The main obstacle to Mr. Monti’s government could come from Mr. Berlusconi’s increasingly divided center-right coalition. Many members would rather go to early elections than have a technocrat backed by the European Union foisted on them.

“I don’t believe the markets should decide governments,” the minister of infrastructure and transportation, Altero Matteoli, said Friday in an interview on Sky Tg24.

The clash over Mr. Monti raised concerns across the political spectrum about the growing influence of financial markets in democracies. In Italy and elsewhere, a dysfunctional political class has been “impotent” in the face of market dynamics and their impact on people’s lives, the commentator Luigi La Spina wrote Saturday in the Turin daily newspaper La Stampa.

But the main opposition party and other lawmakers, fearing that elections would lead to an unsustainable period of market turmoil, support a transitional government.

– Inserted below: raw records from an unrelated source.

(* Let $G$ be a group acting on a set $X$, and let $\alpha\in\,]0,1]$. (1) Let $A\subset G$ and $Y\subset X$ be finite nonempty subsets such that $|A\cdot Y|\leq(2-\alpha)|Y|$. Then $A^{-1}A\subset\mathrm{Sym}_{\alpha}(Y)$. (2) Let $(\rho,V)$ be a linear representation of $G$ on a finite-dimensional vector space $V$ over a field $k$, let $A\subset G$ and let $W$ be a finite-dimensional $k$-subspace of $V$ such that $\dim\langle A\cdot W\rangle\leq(2-\alpha)\dim W$. Then $A^{-1}A\subset\mathrm{Sym}_{\alpha}(W)$.
   Context: $g\cdot x$ denotes the action of $g\in G$ on $x\in X$ (resp. on $v\in V$). For $A\subset G$, $Y\subset X$: $A\cdot Y=\{a\cdot y\mid a\in A,\ y\in Y\}$. For a subspace $W$: $A\cdot W$ denotes the set $\{a\cdot w\mid a\in A, w\in W\}$ and $\langle A\cdot W\rangle$ its $k$-linear span; $A^{-1}A=\{a^{-1}b\mid a,b\in A\}$. For a finite nonempty $Y\subset X$, $\mathrm{Sym}_{\alpha}(Y)=\{g\in G\mid |g\cdot Y\cap Y|\geq\alpha|Y|\}$. For a subspace $W$, $\mathrm{Sym}_{\alpha}(W)=\{g\in G\mid \dim(g\cdot W\cap W)\geq\alpha\dim W\}$. *)

From HB Require Import structures.
From mathcomp Require Import all_boot all_order all_algebra.
From mathcomp Require Import finmap.
Set Implicit Arguments. Unset Strict Implicit. Unset Printing Implicit Defensive.
Import Order.TTheory GRing.Theory Num.Theory.

Local Open Scope group_scope.

Definition is_action (G : groupType) (X : Type) (act : G -> X -> X) : Prop :=
  (forall x, act 1 x = x) /\
  (forall g h x, act (g * h) x = act g (act h x)).

(** A linear representation rho of G on the finite-dimensional k-space V
    (a group homomorphism G -> GL(V); rho g is then automatically invertible). *)
Definition is_representation (G : groupType) (k : fieldType) (V : vectType k)
    (rho : G -> 'End(V)) : Prop :=
  rho 1 = \1%VF /\ (forall g h, rho (g * h) = (rho g \o rho h)%VF).

Local Close Scope group_scope.
Local Open Scope fset_scope.
Local Open Scope ring_scope.

Definition act_fset (G : groupType) (X : choiceType) (act : G -> X -> X)
    (A : {fset G}) (Y : {fset X}) : {fset X} :=
  [fset act a y | a in A, y in Y].

Definition Sym_set (R : realFieldType) (G : groupType) (X : choiceType)
    (act : G -> X -> X) (alpha : R) (Y : {fset X}) (g : G) : Prop :=
  alpha * (#|` Y|)%:R <= (#|` (act g @` Y) `&` Y|)%:R.

Definition Sym_space (R : realFieldType) (G : groupType) (k : fieldType)
    (V : vectType k) (rho : G -> 'End(V)) (alpha : R) (W : {vspace V}) (g : G)
    : Prop :=
  alpha * (\dim W)%:R <= (\dim ((rho g @: W) :&: W)%VS)%:R.

Definition is_span_act (G : groupType) (k : fieldType) (V : vectType k)
    (rho : G -> 'End(V)) (A : G -> Prop) (W : {vspace V}) (U : {vspace V})
    : Prop :=
  (forall a, A a -> (rho a @: W <= U)%VS) /\
  (forall U' : {vspace V}, (forall a, A a -> (rho a @: W <= U')%VS) ->
     (U <= U')%VS).

From HB Require Import structures.
From mathcomp Require Import all_boot all_order all_algebra.
From mathcomp Require Import finmap.
From mathcomp Require Import lra.
Set Implicit Arguments.
Unset Strict Implicit.
Unset Printing Implicit Defensive.
Import Order.TTheory GRing.Theory Num.Theory.
Local Open Scope fset_scope.
Local Open Scope ring_scope.

(* Translations preserve size, so a.Y and b.Y are two subsets of A.Y of size
   |Y|; by inclusion-exclusion they meet in at least 2|Y| - |A.Y| >= alpha |Y|
   points, and translating by a^-1 maps a.Y \cap b.Y onto (a^-1 b).Y \cap Y.
   The linear case is the same argument with dimensions, using
   dim (U + U') + dim (U \cap U') = dim U + dim U'. *)

Lemma intersection_lower_bound (R : realFieldType) (alpha : R) (n u c : nat) :
  (u + c = n + n)%N -> u%:R <= (2 - alpha) * n%:R -> alpha * n%:R <= c%:R.
Proof.
move=> /(congr1 (fun m => m%:R : R)); rewrite !natrD mulrBl => uc u_le.
lra.
Qed.

Section GroupAction.
Variables (G : groupType) (X : choiceType) (act : G -> X -> X).
Hypothesis act_is_action : is_action act.

Lemma act1 (x : X) : act 1%g x = x.
Proof. by case: act_is_action. Qed.

Lemma actM (g h : G) (x : X) : act (g * h)%g x = act g (act h x).
Proof. by case: act_is_action. Qed.

Lemma act_inj (g : G) : injective (act g).
Proof. by move=> x y /(congr1 (act g^-1%g)); rewrite -!actM mulVg !act1. Qed.

Lemma card_act (g : G) (Y : {fset X}) : #|` act g @` Y| = #|` Y|.
Proof. by apply/eqP/card_in_imfsetP => x y _ _; apply: act_inj. Qed.

Lemma act_imfsetM (g h : G) (Y : {fset X}) :
  act (g * h)%g @` Y = act g @` (act h @` Y).
Proof. by rewrite -imfset_comp; apply: eq_imfset => // x; apply: actM. Qed.

Lemma act_imfset1 (Y : {fset X}) : act 1%g @` Y = Y.
Proof. by rewrite -[RHS]imfset_id; apply: eq_imfset => // x; apply: act1. Qed.

Lemma card_actV_cap (a b : G) (Y : {fset X}) :
  #|` act (a^-1 * b)%g @` Y `&` Y| = #|` act a @` Y `&` act b @` Y|.
Proof.
rewrite -[RHS](card_act a^-1%g) imfsetI; last by move=> x y _ _; apply: act_inj.
by rewrite -!act_imfsetM mulVg act_imfset1 fsetIC.
Qed.

Lemma act_imfset_sub (A : {fset G}) (Y : {fset X}) (a : G) :
  a \in A -> act a @` Y `<=` act_fset act A Y.
Proof.
by move=> aA; apply/fsubsetP => _ /imfsetP[y yY ->]; apply: in_imfset2.
Qed.

Lemma Sym_set_small_doubling (R : realFieldType) (alpha : R)
    (A : {fset G}) (Y : {fset X}) (a b : G) :
  (#|` act_fset act A Y|)%:R <= (2 - alpha) * (#|` Y|)%:R ->
  a \in A -> b \in A -> Sym_set act alpha Y (a^-1 * b)%g.
Proof.
move=> small aA bA; rewrite /Sym_set card_actV_cap.
have := cardfsUI (act a @` Y) (act b @` Y); rewrite !card_act.
move/intersection_lower_bound; apply; apply: le_trans small.
by rewrite ler_nat fsubset_leq_card // fsubUset !act_imfset_sub.
Qed.

End GroupAction.

Section Representation.
Variables (G : groupType) (k : fieldType) (V : vectType k) (rho : G -> 'End(V)).
Hypothesis rho_is_representation : is_representation rho.

Lemma rep_imgM (g h : G) (W : {vspace V}) :
  (rho (g * h)%g @: W = rho g @: (rho h @: W))%VS.
Proof. by case: rho_is_representation => _ ->; rewrite limg_comp. Qed.

Lemma rep_img1 (W : {vspace V}) : (rho 1%g @: W = W)%VS.
Proof. by case: rho_is_representation => -> _; rewrite lim1g. Qed.

Lemma rep_lker0 (g : G) : lker (rho g) == 0%VS.
Proof.
apply/lker0P => x y /(congr1 (rho g^-1%g)).
have rhoVK z : rho g^-1%g (rho g z) = z.
  case: rho_is_representation => rho1 rhoM.
  by rewrite -comp_lfunE -rhoM mulVg rho1 id_lfunE.
by rewrite !rhoVK.
Qed.

Lemma dim_rep_img (g : G) (W : {vspace V}) : \dim (rho g @: W) = \dim W.
Proof. by apply: limg_dim_eq; rewrite (eqP (rep_lker0 g)) capv0. Qed.

Lemma dim_repV_cap (a b : G) (W : {vspace V}) :
  \dim (rho (a^-1 * b)%g @: W :&: W)%VS = \dim (rho a @: W :&: rho b @: W)%VS.
Proof.
rewrite -[RHS](dim_rep_img a^-1%g) lker0_img_cap ?rep_lker0 //.
by rewrite -!rep_imgM mulVg rep_img1 capvC.
Qed.

Lemma Sym_space_small_doubling (R : realFieldType) (alpha : R)
    (A : G -> Prop) (W U : {vspace V}) (a b : G) :
  (forall g, A g -> (rho g @: W <= U)%VS) ->
  (\dim U)%:R <= (2 - alpha) * (\dim W)%:R ->
  A a -> A b -> Sym_space rho alpha W (a^-1 * b)%g.
Proof.
move=> AW_sub small Aa Ab; rewrite /Sym_space dim_repV_cap.
have := dimv_sum_cap (rho a @: W) (rho b @: W); rewrite !dim_rep_img.
move/intersection_lower_bound; apply; apply: le_trans small.
by rewrite ler_nat dimvS // subv_add !AW_sub.
Qed.

End Representation.

Theorem mainTheorem1 (R : realFieldType) (G : groupType) (alpha : R)
  (halpha : 0 < alpha <= 1) :
  (forall (X : choiceType) (act : G -> X -> X), is_action act ->
     forall (A : {fset G}) (Y : {fset X}),
       A != fset0 -> Y != fset0 ->
       (#|` act_fset act A Y|)%:R <= (2 - alpha) * (#|` Y|)%:R ->
       forall a b, a \in A -> b \in A ->
         Sym_set act alpha Y (((a ^-1) * b)%g))
  /\
  (forall (k : fieldType) (V : vectType k) (rho : G -> 'End(V)),
     is_representation rho ->
     forall (A : G -> Prop) (W : {vspace V}),
       (exists U : {vspace V}, is_span_act rho A W U /\
          (\dim U)%:R <= (2 - alpha) * (\dim W)%:R) ->
       forall a b, A a -> A b ->
         Sym_space rho alpha W (((a ^-1) * b)%g)).
Proof.
split.
  move=> X act act_is_action A Y _ _ small a b aA bA.
  exact: (Sym_set_small_doubling act_is_action small aA bA).
move=> k V rho rho_is_rep A W [U [[AW_sub _] small]] a b Aa Ab.
exact: (Sym_space_small_doubling rho_is_rep AW_sub small Aa Ab).
Qed.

Those lawmakers are divided between those who would like a unity government, in which members of the right and the left would pass legislation and share the political cost, or a formation in which both coalitions would support the new government and vote on legislation, but leave the ministerial positions to nonpoliticians.

The end of the Berlusconi era has laid bare the deep divisions and unresolved questions of Italy’s political class, which has not fully recovered from the cold war.

The prospects of a Monti government have revealed the “very eccentric” nature of Italian politics, said Norma Rangeri, editor in chief of the left-wing daily newspaper Il Manifesto. Mr. Monti, she said, is a liberal conservative whose nomination is being blocked by the center-right, while the center-left, which supports him, “should be looking for the opposite of what Monti represents.”

“What is opening is the most uncertain scenario that we can imagine,” she said.

Dozens of television cameras and bystanders gathered in front of Palazzo Chigi, the prime minister’s office, on Saturday, awaiting Mr. Berlusconi’s expected resignation, and the beginning of whatever comes next.